Oh my god it's almost exactly my problem (that I found quite original), I'm disappointed...

Label $16$ cells in the board by usual coordinate $(x,y)$ where $x,y\in \{ 1,2,3,4\}$. We denote number $\omega^{i+j}$ to the cell $(i,j)$ where $\omega =e^{\frac{i\pi }{3}}$. Initially, the sum of number on the board is equal to $k_1\omega +k_2\omega^2 +k_3$ where $(k_1,k_2,k_3)\in \{ (5,5,5),(4,6,5),(5,6,4)\}$. Note that, in each move, the sum of numbers on the board changes from $a_1\omega +a_2\omega^2 +a_3$ to $a_1'\omega +a_2'\omega_2+a_3'$ where $(a_1',a_2',a_3')\in \{ (a_1+1,a_2-1,a_3-1),(a_1-1,a_2+1,a_3-1),(a_1-1,a_2-1,a_3+1)\}$. This mean the parity of $|a_1-a_2|,|a_2-a_3|$ always be the same. If $(k_1,k_2,k_3)$, we get that the sum of number of the board can't be $\omega$ or $\omega^2$ or $1$ (since $|5-5|=0$). So, the blank cell can't have coordinate $(i,j)$ where $i+j\equiv 2\pmod{3}$. This leaves all $8$ border non-corner cells and other $2$ cells at the center. By symmetry, we can also eliminates two cells at the center, so we've $8$ border non-corner possible blank cells. The rest is to show that this is possible, which is fun and not hard.

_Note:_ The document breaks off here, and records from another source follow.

(* For any $\delta\le1/4$, if $\mathcal{I}=([n],[m],\mathcal{V})$ is a $\delta$-ONI instance, then $m\ge 2n$.
   Context: Valuations are additive. $\mathrm{MMS}_i$ is the maximum over partitions of the goods into $n$ bundles of the minimum bundle value for agent $i$. The instance is ordered if $v_i(1)\ge\dots\ge v_i(m)$ for all $i$; normalized if every agent $i$ has an MMS partition into $n$ bundles each of value exactly $1$ to $i$; $\alpha$-irreducible if for every agent $i$: $v_i(1)<\alpha$, $v_i(\{2n-1,2n,2n+1\})<\alpha$, $v_i(\{3n-2,3n-1,3n,3n+1\})<\alpha$, $v_i(\{1,2n+1\})<\alpha$ (each condition only when the goods exist). $\delta$-ONI means ordered, normalized and $(3/4+\delta)$-irreducible. *)

From mathcomp Require Import all_boot all_order all_algebra.
Set Implicit Arguments. Unset Strict Implicit. Unset Printing Implicit Defensive.
Import Order.TTheory GRing.Theory Num.Theory.
Local Open Scope ring_scope.

(* Instance ([n],[m],V): agents 'I_n, goods 'I_m; the good numbered j
   (1-based, as in the paper) is the ordinal j-1.  An additive valuation
   of agent i is given by v i : 'I_m -> R (values of single goods). *)

(* value of the good with 1-based number j (0 if it does not exist) *)
Definition good_val {R : realFieldType} {m : nat} (vi : 'I_m -> R) (j : nat) : R :=
  if (insub j.-1 : option 'I_m) is Some g then vi g else 0.

(* a partition of the goods into n (possibly empty) bundles is a map f :
   goods -> bundle index; additive value of bundle k *)
Definition bundle_val {R : realFieldType} {n m : nat} (vi : 'I_m -> R)
  (f : {ffun 'I_m -> 'I_n}) (k : 'I_n) : R :=
  \sum_(g | f g == k) vi g.

(* f is an MMS partition for vi: its minimum bundle value is maximal over
   all partitions, i.e. for every partition f' the minimum bundle value of
   f' is at most the minimum bundle value of f. *)
Definition is_MMS_partition {R : realFieldType} {n m : nat} (vi : 'I_m -> R)
  (f : {ffun 'I_m -> 'I_n}) : Prop :=
  forall f' : {ffun 'I_m -> 'I_n},
    exists k : 'I_n, forall k' : 'I_n, bundle_val vi f' k <= bundle_val vi f k'.

Definition ordered_inst {R : realFieldType} {n m : nat} (v : 'I_n -> 'I_m -> R) : Prop :=
  forall (i : 'I_n) (g g' : 'I_m), (g <= g')%N -> v i g' <= v i g.

Definition normalized_inst {R : realFieldType} {n m : nat} (v : 'I_n -> 'I_m -> R) : Prop :=
  forall i : 'I_n, exists f : {ffun 'I_m -> 'I_n},
    is_MMS_partition (v i) f /\ forall k : 'I_n, bundle_val (v i) f k = 1.

Definition irreducible_inst {R : realFieldType} {n m : nat} (alpha : R)
  (v : 'I_n -> 'I_m -> R) : Prop :=
  forall i : 'I_n,
    [/\ (1 <= m)%N -> good_val (v i) 1 < alpha,
        (2 * n + 1 <= m)%N ->
          good_val (v i) (2 * n - 1) + good_val (v i) (2 * n)
          + good_val (v i) (2 * n + 1) < alpha,
        (3 * n + 1 <= m)%N ->
          good_val (v i) (3 * n - 2) + good_val (v i) (3 * n - 1)
          + good_val (v i) (3 * n) + good_val (v i) (3 * n + 1) < alpha
      & (2 * n + 1 <= m)%N ->
          good_val (v i) 1 + good_val (v i) (2 * n + 1) < alpha].

Definition ONI {R : realFieldType} {n m : nat} (delta : R) (v : 'I_n -> 'I_m -> R) : Prop :=
  [/\ ordered_inst v, normalized_inst v & irreducible_inst (3 / 4 + delta) v].

From mathcomp Require Import all_boot all_order all_algebra.
From mathcomp Require Import lra.
Import Order.TTheory GRing.Theory Num.Theory.
Local Open Scope ring_scope.

(* Irreducibility with [delta <= 1/4] makes the most valuable good worth less
   than [3/4 + delta <= 1], so in an ordered instance every good is worth less
   than 1 to every agent.  A bundle of value exactly 1 therefore contains at
   least two goods, and a normalized MMS partition into [n] such bundles needs
   at least [2 n] goods. *)

Lemma leq_mul_card_fibers (T K : finType) (f : T -> K) (c : nat) :
  (forall k, c <= #|[pred x | f x == k]|)%N -> (c * #|K| <= #|T|)%N.
Proof.
move=> fiber_ge.
have -> : #|T| = (\sum_(x : T) 1)%N by rewrite sum1_card.
rewrite (partition_big f predT) //= mulnC -sum_nat_const [leqLHS](eq_bigl predT) //.
by apply: leq_sum => k _; rewrite sum1_card; exact: fiber_ge.
Qed.

Lemma bundle_card_gt1 (R : realFieldType) (n m : nat) (vi : 'I_m -> R)
    (f : {ffun 'I_m -> 'I_n}) (k : 'I_n) :
  (forall g, vi g < 1) -> bundle_val vi f k = 1 ->
  (1 < #|[pred g | f g == k]|)%N.
Proof.
move=> lt1 /eqP; rewrite ltnNge; apply: contraTN => /card_le1P single.
rewrite /bundle_val; case: (pickP [pred g | f g == k]) => [g kg | no_good].
- by rewrite (big_pred1 g) ?lt_eqF // => x; exact: single g kg x.
- by rewrite big_pred0 // eq_sym oner_eq0.
Qed.

Lemma good_val_first (R : realFieldType) (m : nat) (vi : 'I_m -> R)
    (m_gt0 : (0 < m)%N) :
  good_val vi 1 = vi (Ordinal m_gt0).
Proof. by rewrite /good_val /= (insubT (fun k => k < m)%N m_gt0). Qed.

Lemma ONI_val_lt1 (R : realFieldType) (n m : nat) (delta : R)
    (v : 'I_n -> 'I_m -> R) (i : 'I_n) (g : 'I_m) :
  delta <= 1 / 4 -> ONI delta v -> v i g < 1.
Proof.
move=> delta_le [ordered _ irreducible].
have m_gt0 : (0 < m)%N by apply: leq_ltn_trans (ltn_ord g).
have [first_lt _ _ _] := irreducible i.
have := first_lt m_gt0; rewrite good_val_first => first_lt_alpha.
apply: le_lt_trans (ordered i (Ordinal m_gt0) g (leq0n g)) _.
apply: lt_le_trans first_lt_alpha _; lra.
Qed.

Theorem mainTheorem13 (R : realFieldType) (n m : nat) (delta : R)
  (v : 'I_n -> 'I_m -> R) :
  (forall (i : 'I_n) (g : 'I_m), 0 <= v i g) ->
  delta <= 1 / 4 ->
  ONI delta v ->
  (2 * n <= m)%N.
Proof.
move=> _ delta_le oni; case: n v oni => [|n] v oni //.
have [_ normalized _] := oni.
have [f [_ bundles_eq1]] := normalized ord0.
rewrite -{1}(card_ord n.+1) -(card_ord m).
apply: (@leq_mul_card_fibers _ _ f 2) => k.
apply: bundle_card_gt1 (bundles_eq1 k) => g.
exact: ONI_val_lt1 delta_le oni.
Qed.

I would recommend using variables other than $i,j$ to indicate indices where you also use $i=\sqrt{-1}$ later.

Dark lord, what's your motivation to consider such invariant ? It looks really weird to me.

As usual, let's colour the board. As you can notice, each move moves the quantity of stones on 3 cases on the same line (column or row). Then, we're lead to colour in 3 colours our board. Say we colour in Red, Blue, White, in this order, where the top left corner is red. We label cells with usual coordinates (x,y) with x and y two integers beetween 1 and 4. Let r, b and w the number of stones on respectively red, blue and withe cases. Note that at each move, the parity of each quantity change. As we want to end up with only one stone, two quantities must be at the same parity and the last one at a different parity in the initial state. Moreover, with our way of colourig, we have exactly in total 6 red cases, 5 blue cases and 5 white cases. If we initially remove a stone from a red case, all the numbers r, b and w we'll be at the same parity (r=b=w=5). So we have to remove the initial stone from a blue case or a white case. By symmetry, we note that we just have to study the cases (1,4), (2,4) and (2,3). But (1,4) and (2,3) are red, so we can't remove the stone one these cases. It remains the (2,4). Playing around a bit, you see you can finish the game with only this stone removed. So same answer as Dark Lord : the initial stone was removed from a case on an edge but not on a corner.